ACOSS is delighted to welcome Labor’s childcare announcements over the weekend, and says Labor’s dental care announcement is a excellent first step to extending Medicare to essential dental services for people on the Age Pension and Senior Concession Card holders, but calls for inclusion of people on Allowances and other Pensions as well.

ACOSS CEO Cassandra Goldie said, “ACOSS welcomes Labor’s commitment to inject additional government funding into the early childhood care sector, effectively delivering free childcare for lower income families. Every child has a right to high quality early childhood education and care and finances should not be a barrier.”

“We also welcome that the Labor’s commitment ensures government funding goes directly through to the wages of workers. As a highly female dominated workforce, too often, care workers face a lifetime of low paid, insecure work, with the reward of little superannuation, insecure housing and risk of poverty over their lifetime. Government plays an essential role in ensuring that the wages of workers in publicly funded essential services, including early childhood care workers, are properly paid and that workers are protected from poverty,” said Goldie.

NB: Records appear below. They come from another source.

(* Let $\mathbb{F}$ be an algebraically closed field, $\mathbf{O}$ the split octonion algebra over $\mathbb{F}$, and $T_n\subseteq \mathbb{F}[\mathbf{O}^n]$ the algebra of trace ${\rm G}_2$-invariants. Let $w$ be a (non-associative) word in the letters $x_1,\ldots,x_n$ and write $\mathrm{tr}(w)$ for the function $\underline{a}\mapsto \mathrm{tr}(w(a_1,\ldots,a_n))$ on $\mathbf{O}^n$. For $1\le i_1,\ldots,i_k\le n$ write $\mathrm{tr}(i_1,\ldots,i_k)$ for the function $\underline{a}\mapsto\mathrm{tr}((\cdots((a_{i_1}a_{i_2})a_{i_3})\cdots)a_{i_k})$. Then: 1. If $w$ is not multilinear and $\deg(w)>2$, then $\mathrm{tr}(w)\equiv 0$ in $T_n$. 2. If $w$ is multilinear and is a product of the letters $x_{i_1},\ldots,x_{i_k}$ with $1\le i_1<\cdots<i_k\le n$, then $\mathrm{tr}(w)\equiv \pm\,\mathrm{tr}(i_1,\ldots,i_k)$ in $T_n$. 3. For all $1\le i_1<\cdots<i_k\le n$ with $k\ge 3$ and every permutation $\sigma\in\mathcal{S}_k$, $\mathrm{tr}(i_{\sigma(1)},\ldots,i_{\sigma(k)})\equiv (-1)^{\sigma}\,\mathrm{tr}(i_1,\ldots,i_k)$ in $T_n$.
   Context: The split octonion algebra $\mathbf{O}$ is the 8-dimensional $\mathbb{F}$-vector space of formal matrices $a=\begin{pmatrix}\alpha&\mathbf{u}\\ \mathbf{v}&\beta\end{pmatrix}$ with $\alpha,\beta\in\mathbb{F}$, $\mathbf{u},\mathbf{v}\in\mathbb{F}^3$, with multiplication $\begin{pmatrix}\alpha&\mathbf{u}\\ \mathbf{v}&\beta\end{pmatrix}\begin{pmatrix}\alpha'&\mathbf{u}'\\ \mathbf{v}'&\beta'\end{pmatrix}=\begin{pmatrix}\alpha\alpha'+\mathbf{u}\cdot\mathbf{v}'&\alpha\mathbf{u}'+\beta'\mathbf{u}-\mathbf{v}\times\mathbf{v}'\\ \alpha'\mathbf{v}+\beta\mathbf{v}'+\mathbf{u}\times\mathbf{u}'&\beta\beta'+\mathbf{v}\cdot\mathbf{u}'\end{pmatrix}$ (dot product and cross product on $\mathbb{F}^3$). Trace $\mathrm{tr}(a)=\alpha+\beta$, norm $n(a)=\alpha\beta-\mathbf{u}\cdot\mathbf{v}$. ${\rm G}_2=\mathrm{Aut}(\mathbf{O})$. The algebra $T_n$ of trace ${\rm G}_2$-invariants is the subalgebra of the polynomial ring $\mathbb{F}[\mathbf{O}^n]$ generated by the functions $\underline{a}\mapsto n(a_i)$ ($1\le i\le n$) and $\underline{a}\mapsto\mathrm{tr}(w(a_1,\ldots,a_n))$ for all non-empty non-associative words $w$ in $x_1,\ldots,x_n$. $T_n$ is graded by total degree (the function $\mathrm{tr}(w)$ has degree the number of letters of $w$, $n(a_i)$ has degree 2); $T_n^+$ denotes the span of homogeneous elements of positive degree, and $f\equiv h$ in $T_n$ means $f-h\in (T_n^+)^2$. A word is multilinear if each letter occurs in it at most once. *)

From HB Require Import structures.
From mathcomp Require Import all_boot all_order all_algebra all_fingroup.
From mathcomp Require Import mpoly.
Set Implicit Arguments. Unset Strict Implicit. Unset Printing Implicit Defensive.
Import GRing.Theory.
Local Open Scope ring_scope.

“Labor’s announcement of a new scheme to assist with the cost of dental care for Age Pensioners will be welcomed by many people on the Age Pension who are currently waiting on public dental waiting lists, or who can’t afford basic preventive care or to get their teeth fixed. This is an excellent first step in finally extending Medicare to cover dental services in Australia.”

Goldie urges the Labor party to extend its dental care announcement to people on the lowest incomes by applying to those receiving social security payments.

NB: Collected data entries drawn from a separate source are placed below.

(* Let $X$ be an arbitrary topological space and let $U\subseteq X$ be a subset consisting of pairwise topologically indistinguishable points (i.e. for every open $V\subseteq X$, if $U\cap V\neq\emptyset$ then $U\subseteq V$). Let $f:X\to X$ be a (not necessarily continuous) bijection such that $f|_{X\setminus U}$ is the identity. Then (1) $f$ is a homeomorphism; and (2) $f$ and $\mathrm{Id}_X$ are isotopic, and moreover isotopic relative to $X\setminus U$ (i.e. via an isotopy $H$ with $H(x,t)=x$ for all $x\in X\setminus U$ and all $t$).
   Context: Two homeomorphisms $f,g$ of $X$ are isotopic if there is a continuous map $H:X\times[0,1]\to X$ such that each $H_t=H(\cdot,t)$ is a homeomorphism of $X$, $H_0=f$ and $H_1=g$. *)

From HB Require Import structures.
From mathcomp Require Import all_boot all_order all_algebra.
From mathcomp Require Import all_classical all_reals all_analysis.
Set Implicit Arguments. Unset Strict Implicit. Unset Printing Implicit Defensive.
Import Order.TTheory GRing.Theory Num.Theory.
Local Open Scope classical_set_scope.
Local Open Scope ring_scope.

Definition homeomorphism (X : topologicalType) (f : X -> X) : Prop :=
  exists g : X -> X, [/\ cancel f g, cancel g f, continuous f & continuous g].

Definition indistinguishable_set (X : topologicalType) (U : set X) : Prop :=
  forall V : set X, open V -> U `&` V !=set0 -> U `<=` V.

(* The unit interval is
   `[0,1] in R, with the subspace topology of the product X * R. *)
Definition isotopic_rel (R : realType) (X : topologicalType)
    (A : set X) (f g : X -> X) : Prop :=
  exists H : X * R -> X,
    [/\ {within [set: X] `*` [set` `[0%R, 1%R]], continuous H},
        (forall t : R, [set` `[0%R, 1%R]] t -> homeomorphism (fun x => H (x, t))),
        (forall x, H (x, 0%R) = f x),
        (forall x, H (x, 1%R) = g x) &
        (forall x t, A x -> [set` `[0%R, 1%R]] t -> H (x, t) = x)].

Definition isotopic (R : realType) (X : topologicalType) (f g : X -> X) : Prop :=
  isotopic_rel R set0 f g.

From HB Require Import structures.
From mathcomp Require Import all_boot all_order all_algebra.
From mathcomp Require Import all_classical all_reals all_analysis.
Local Open Scope classical_set_scope.
Local Open Scope ring_scope.

(* Open sets cannot separate points of U, so a map h that sends
   U into U and fixes every point outside U satisfies V (h x) <-> V x for
   every open V: h x and x are topologically indistinguishable.  A map that
   is pointwise indistinguishable from a continuous map is itself
   continuous, since both have the same preimages of open sets.
   - A bijection f fixing X \ U maps U into U, and so does its inverse,
     which also fixes X \ U; hence both are continuous and f is a
     homeomorphism.
   - The "jump" H(x,t) = f x if t = 0, H(x,t) = x otherwise, is pointwise
     indistinguishable from the continuous projection (x,t) |-> x, so it is
     continuous; each H_t is f or the identity, and H fixes X \ U. *)

(* Maps with the same open-set membership at every point have the same
   preimages of open sets, so continuity transfers from one to the other. *)
Lemma continuous_indistinguishable {X Y : topologicalType} (p g : Y -> X) :
  continuous p -> (forall V : set X, open V -> forall y, V (g y) <-> V (p y)) ->
  continuous g.
Proof.
move=> cp gp; apply/continuousP => V oV.
have -> : g @^-1` V = p @^-1` V.
  by rewrite eqEsubset; split => y /= Vy; apply/(gp V oV).
by move/continuousP: cp; apply.
Qed.

Lemma isotopic_rel_sub {R : realType} {X : topologicalType} {A B : set X}
    {f g : X -> X} :
  A `<=` B -> isotopic_rel R B f g -> isotopic_rel R A f g.
Proof.
move=> AB [H [cH homH H0 H1 HB]]; exists H; split => // x t Ax.
exact/HB/AB.
Qed.

Section IndistinguishableSet.
Context {X : topologicalType} {U : set X}.
Hypothesis indU : indistinguishable_set U.

Lemma indistinguishable_image {h : X -> X} :
  (forall x, U x -> U (h x)) -> (forall x, ~ U x -> h x = x) ->
  forall V : set X, open V -> forall x, V (h x) <-> V x.
Proof.
move=> hU hfix V oV x; have [Ux|nUx] := pselect (U x); last by rewrite hfix.
split => Vx.
- by apply: (indU V oV) => //; exists (h x); split => //; exact: hU.
- by apply: (indU V oV) => //; [exists x | exact: hU].
Qed.

(* Such a map is continuous, being indistinguishable from the identity. *)
Lemma continuous_fixing_outside (h : X -> X) :
  (forall x, U x -> U (h x)) -> (forall x, ~ U x -> h x = x) -> continuous h.
Proof.
move=> hU hfix; apply: (@continuous_indistinguishable X X id).
  by move=> x; exact: cvg_id.
exact: indistinguishable_image.
Qed.

End IndistinguishableSet.

Lemma bij_fixing_outside_stable {X : Type} {U : set X} {f g : X -> X} :
  cancel f g -> (forall x, ~ U x -> f x = x) -> forall x, U x -> U (f x).
Proof.
move=> fK ffix x Ux; apply: contrapT => nUfx.
have fxx : g (f (f x)) = g (f x) by rewrite ffix.
by rewrite !fK in fxx; apply: nUfx; rewrite fxx.
Qed.

Lemma inverse_fixing_outside {X : Type} {U : set X} {f g : X -> X} :
  cancel f g -> (forall x, ~ U x -> f x = x) -> forall x, ~ U x -> g x = x.
Proof. by move=> fK ffix x nUx; rewrite -{1}(ffix _ nUx) fK. Qed.

Lemma homeomorphism_fixing_outside {X : topologicalType} {U : set X}
    {f : X -> X} :
  indistinguishable_set U -> bijective f -> (forall x, ~ U x -> f x = x) ->
  homeomorphism f.
Proof.
move=> indU [g fK gK] ffix.
have gfix := inverse_fixing_outside fK ffix.
exists g; split => //; apply: (continuous_fixing_outside indU) => //.
- exact: bij_fixing_outside_stable fK ffix.
- exact: bij_fixing_outside_stable gK gfix.
Qed.

Definition jump_isotopy {R : realType} {X : Type} (f : X -> X) (p : X * R) : X :=
  if p.2 == 0 then f p.1 else p.1.

Lemma jump_isotopic_rel (R : realType) {X : topologicalType} {U : set X}
    {f : X -> X} :
  indistinguishable_set U -> bijective f -> (forall x, ~ U x -> f x = x) ->
  isotopic_rel R (~` U) f id.
Proof.
move=> indU fbij ffix; have [g fK _] := fbij.
have fU := bij_fixing_outside_stable fK ffix.
exists (jump_isotopy f); split.
- apply: continuous_subspaceT; apply: (@continuous_indistinguishable _ _ fst).
    by move=> x; exact: cvg_fst.
  move=> V oV [x t]; rewrite /jump_isotopy /=; case: ifP => _ //.
  exact: (indistinguishable_image indU fU ffix V oV x).
all: rewrite /jump_isotopy /=.
- move=> t _; case: (t == 0).
    exact: homeomorphism_fixing_outside indU fbij ffix.
  by exists id; split => // x; exact: cvg_id.
- by move=> x; rewrite eqxx.
- by move=> x; rewrite GRing.oner_eq0.
- by move=> x t nUx _; case: ifP => // _; exact: ffix.
Qed.

Theorem lemma2p1 (R : realType) (X : topologicalType) (U : set X) (f : X -> X) :
  indistinguishable_set U ->
  bijective f ->
  (forall x, ~ U x -> f x = x) ->
  homeomorphism f /\ isotopic R f id /\ isotopic_rel R (~` U) f id.
Proof.
move=> indU fbij ffix.
have iso := jump_isotopic_rel R indU fbij ffix.
split; first exact: homeomorphism_fixing_outside indU fbij ffix.
split => //; apply: isotopic_rel_sub iso; exact: sub0set.
Qed.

“This announcement by the Opposition also highlights the silence from the Government on dental care. We urge the Government to commit to a significant investment in dental care that ensures that all people on low incomes can access the preventive care and treatment that they need,” she said.

“More than 2 million people in Australia last year delayed or avoided dental care because of the cost. And people on the lowest incomes were the most likely to avoid dental care because of the cost. Poor dental health is a major barrier to people getting a job and it makes no sense to exclude people of working age on the lowest incomes from extended dental services.  

“We know that there are more than 63,000 avoidable hospitalisations each year as a result of preventable and treatable oral health conditions. The lack of a universal scheme incurs a cost on our broader health system.”